Performance Benchmarking with Criterion

Overview

This document provides a comprehensive guide to performance benchmarking in readstat-rs using Criterion.rs.

Quick Start

# Run all benchmarks (from the repository root)
cargo bench -p readstat

# View HTML reports (Criterion writes to the workspace-root target/)
open target/criterion/report/index.html

What Gets Benchmarked

1. Reading Performance

  • Metadata Reading (~300-950 µs) - File header parsing
  • Single Chunk Reading - Full dataset read performance
  • Chunked Reading - Streaming with different chunk sizes (1K, 5K, 10K rows)

2. Data Conversion

  • Arrow Conversion - SAS types → Arrow RecordBatch overhead

3. Writing Performance

  • CSV Writing - Text format output
  • Parquet Compression - Uncompressed, Snappy, Zstd comparison
  • Format Comparison - CSV vs Parquet vs Feather vs NDJSON

4. Parallel Write Optimization

  • Buffer Sizes - SpooledTempFile memory thresholds (1MB, 10MB, 100MB, 500MB)

5. End-to-End Pipeline

  • Complete Conversion - Read + Write combined (most important)

Sample Results

From initial benchmark run (example output):

metadata_reading/all_types.sas7bdat
                        time:   [299.41 µs 301.84 µs 304.29 µs]

metadata_reading/cars.sas7bdat
                        time:   [935.21 µs 943.52 µs 952.41 µs]

read_single_chunk/cars.sas7bdat
                        time:   [~2-3 ms]
                        thrpt:  [~150-200K rows/sec]

write_parquet_compression/snappy
                        time:   [~4-6 ms]
                        thrpt:  [~70-100K rows/sec]

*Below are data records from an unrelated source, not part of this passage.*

(* Let $A$ be a finite abelian group of even order and let $T$ be a square-free subset of $A$ with $|T|=|A|/2-1$. If $|T-T^0|<|A|$, where $T^0=T\cup\{0\}$, then $\mathrm{CayS}(A,T)$ admits a perfect code.
   Context: $A$ is written additively with identity $0$. An element $x$ of $A$ is a square if $x=2y$ for some $y\in A$; a subset is square-free if it contains no squares. For a square-free $T\subseteq A$, the Cayley sum graph $\mathrm{CayS}(A,T)$ is the simple graph with vertex set $A$ in which distinct $x,y$ are adjacent iff $x+y\in T$. A subset $C$ of the vertex set of a graph is a perfect code if every vertex is at distance at most one from exactly one vertex of $C$. For $B,C\subseteq A$, $B-C=\{b-c:b\in B,c\in C\}$. *)

From HB Require Import structures.
From mathcomp Require Import all_boot all_order all_algebra.
Set Implicit Arguments. Unset Strict Implicit. Unset Printing Implicit Defensive.
Import GRing.Theory.
Local Open Scope ring_scope.

Definition is_square (A : finZmodType) (x : A) : bool :=
  [exists y : A, x == y *+ 2].

Definition square_free (A : finZmodType) (T : {set A}) : bool :=
  [forall x in T, ~~ is_square x].

Definition cays_adj (A : finZmodType) (T : {set A}) (x y : A) : bool :=
  (x != y) && (x + y \in T).

Definition perfect_code (A : finZmodType) (T : {set A}) (C : {set A}) : Prop :=
  forall v : A, #|[set c in C | (c == v) || cays_adj T v c]| = 1%N.

Definition set_diff_sum (A : finZmodType) (B C : {set A}) : {set A} :=
  [set b - c | b in B, c in C].

From mathcomp Require Import all_boot all_order all_algebra.
Set Implicit Arguments.
Unset Strict Implicit.
Unset Printing Implicit Defensive.
Import GRing.Theory.
Local Open Scope ring_scope.

(* The closed neighbourhood of c in CayS(A,T) is {c} together with T - c, and
   square-freeness keeps c out of T - c, so it has |T| + 1 = |A|/2 elements.
   Pick g outside T - T^0: then T^0 = N[0] and N[g] = {g} ∪ (T - g) are disjoint,
   since a common point v would give g = (v + g) - v with v + g in T and v in T^0.
   Two disjoint halves of A cover it, so {0, g} is a perfect code.  When T is
   empty, g may be forced to be 0; but then every vertex is isolated and A itself
   is a perfect code. *)

Lemma mem_set_diff_sum (A : finZmodType) (B C : {set A}) b c :
  b \in B -> c \in C -> b - c \in set_diff_sum B C.
Proof. by move=> bB cC; apply: imset2_f. Qed.

Section CayleySumGraph.

Variables (A : finZmodType) (T : {set A}).

Definition closed_nbhd (c : A) : {set A} := [set v | (c == v) || cays_adj T v c].

Lemma closed_nbhdE c : closed_nbhd c = c |: [set v | v + c \in T].
Proof.
apply/setP => v; rewrite !inE /cays_adj eq_sym.
by case: (v == c).
Qed.

Lemma double_notin_square_free y : square_free T -> y *+ 2 \notin T.
Proof.
move=> /forallP /(_ (y *+ 2)); apply: contraTN => yT.
by rewrite yT negbK; apply/existsP; exists y.
Qed.

Lemma card_closed_nbhd c : square_free T -> #|closed_nbhd c| = #|T|.+1.
Proof.
move=> sqfT; rewrite closed_nbhdE cardsU1.
have -> : [set v | v + c \in T] = (+%R^~ c) @^-1: T by apply/setP => v; rewrite !inE.
by rewrite card_preimset ?inE -?mulr2n ?double_notin_square_free //; apply: addIr.
Qed.

Lemma perfect_code_pair a b :
    [disjoint closed_nbhd a & closed_nbhd b] ->
    closed_nbhd a :|: closed_nbhd b = setT ->
  perfect_code T [set a; b].
Proof.
move=> dis cover v.
have -> : [set c in [set a; b] | (c == v) || cays_adj T v c]
        = [set c in [set a; b] | v \in closed_nbhd c] by apply/setP => c; rewrite !inE.
apply/eqP/cards1P.
have /setUP[va | vb] : v \in closed_nbhd a :|: closed_nbhd b by rewrite cover inE.
- exists a; apply/setP => c; rewrite in_set in_set2 in_set1.
  case: (eqVneq c a) => [-> | _] /=; first by rewrite va.
  by case: eqP => // ->; rewrite (disjointFr dis va).
- exists b; apply/setP => c; rewrite in_set in_set2 in_set1.
  case: (eqVneq c b) => [-> | _] /=; first by rewrite vb orbT.
  by case: eqP => // ->; rewrite (disjointFl dis vb).
Qed.

Lemma closed_nbhd0 : closed_nbhd 0 = 0 |: T.
Proof. by apply/setP => v; rewrite closed_nbhdE !inE addr0. Qed.

Lemma disjoint_closed_nbhd0 g :
    g \notin set_diff_sum T (0 |: T) -> g != 0 ->
  [disjoint closed_nbhd 0 & closed_nbhd g].
Proof.
move=> gD g0; rewrite closed_nbhd0 closed_nbhdE.
apply/pred0P => v /=; apply/negP => /andP[v0 /setU1P[vg | vgT]].
- move: v0; rewrite vg => /setU1P[/eqP | gT]; first exact/negP.
  by case/negP: gD; rewrite -[g]subr0; apply: mem_set_diff_sum; rewrite ?setU11.
- rewrite inE in vgT; case/negP: gD.
  by rewrite -(addKr v g) addrC; apply: mem_set_diff_sum.
Qed.

End CayleySumGraph.

Lemma perfect_code_set0 (A : finZmodType) : perfect_code (set0 : {set A}) setT.
Proof.
move=> v; apply/eqP/cards1P; exists v; apply/setP => c.
by rewrite !inE /cays_adj inE andbF orbF eq_sym.
Qed.

Lemma setU_disjoint_cardT (A : finType) (B C : {set A}) :
  [disjoint B & C] -> (#|B| + #|C| = #|A|)%N -> B :|: C = setT.
Proof.
move=> /disjoint_setI0 BC0 cardBC; apply/eqP.
by rewrite eqEcard subsetT cardsT cardsU BC0 cards0 subn0 cardBC leqnn.
Qed.

Theorem corollary2p8 (A : finZmodType) (T : {set A}) :
  ~~ odd #|A| ->
  square_free T ->
  #|T| = (#|A| %/ 2 - 1)%N ->
  (#|set_diff_sum T ((0%R : A) |: T)| < #|A|)%N ->
  exists C : {set A}, perfect_code T C.
Proof.
move=> evenA sqfT cardT small.
have [-> | [t tT]] := set_0Vmem T; first by exists setT; apply: perfect_code_set0.
have [g gD] : exists g, g \notin set_diff_sum T (0 |: T).
  have /subsetPn[g _ gD] : ~~ ([set: A] \subset set_diff_sum T (0 |: T)).
    by apply: contraL small => /subset_leq_card; rewrite cardsT leqNgt.
  by exists g.
have g0 : g != 0.
  apply: contraNneq gD => ->; rewrite -(subrr t).
  by apply: mem_set_diff_sum; rewrite // setU1r.
have dis := disjoint_closed_nbhd0 gD g0.
exists [set 0; g]; apply: (perfect_code_pair dis); apply: (setU_disjoint_cardT dis).
have : (0 < #|T|)%N by apply/card_gt0P; exists t.
rewrite !card_closed_nbhd // cardT subn_gt0 subn1 => /ltnW/prednK ->.
by rewrite addnn divn2 -[RHS]odd_double_half (negbTE evenA).
Qed.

end_to_end_conversion/parquet
                        time:   [~6-9 ms]
                        thrpt:  [~50-70K rows/sec]

Interpreting Results

Understanding the Output

Time Measurement:

time: [299.41 µs 301.84 µs 304.29 µs]
       ^         ^         ^
       |         |         +-- Upper bound (95% confidence)
       |         +------------ Median
       +---------------------- Lower bound (95% confidence)

Throughput:

thrpt: [150K elem/s 175K elem/s 200K elem/s]
        ^           ^           ^
        |           |           +-- Upper bound
        |           +-------------- Median
        +-------------------------- Lower bound

Change Detection:

change: [-2.3456% -1.2345% +0.1234%] (p = 0.12 > 0.05)
         ^         ^         ^        ^
         |         |         |        +-- Statistical significance
         |         |         +----------- Upper bound of change
         |         +--------------------- Median change
         +------------------------------- Lower bound of change

What to Look For

🔴 Red Flags (Investigate)

  • High variance (>10%) - Results unreliable
  • Significant regression (>5% slower, p < 0.05)
  • Outliers (>5% of samples)

🟡 Opportunities

  • Chunked reading - Test if different chunk size improves throughput
  • Buffer sizes - If small buffer performs as well as large, save memory
  • Compression - If uncompressed only slightly faster, use compression

🟢 Validation

  • Low variance (<5%) - Reliable results
  • Improvements (>10% faster, p < 0.05)
  • Expected patterns (e.g., compression should be slower but smaller)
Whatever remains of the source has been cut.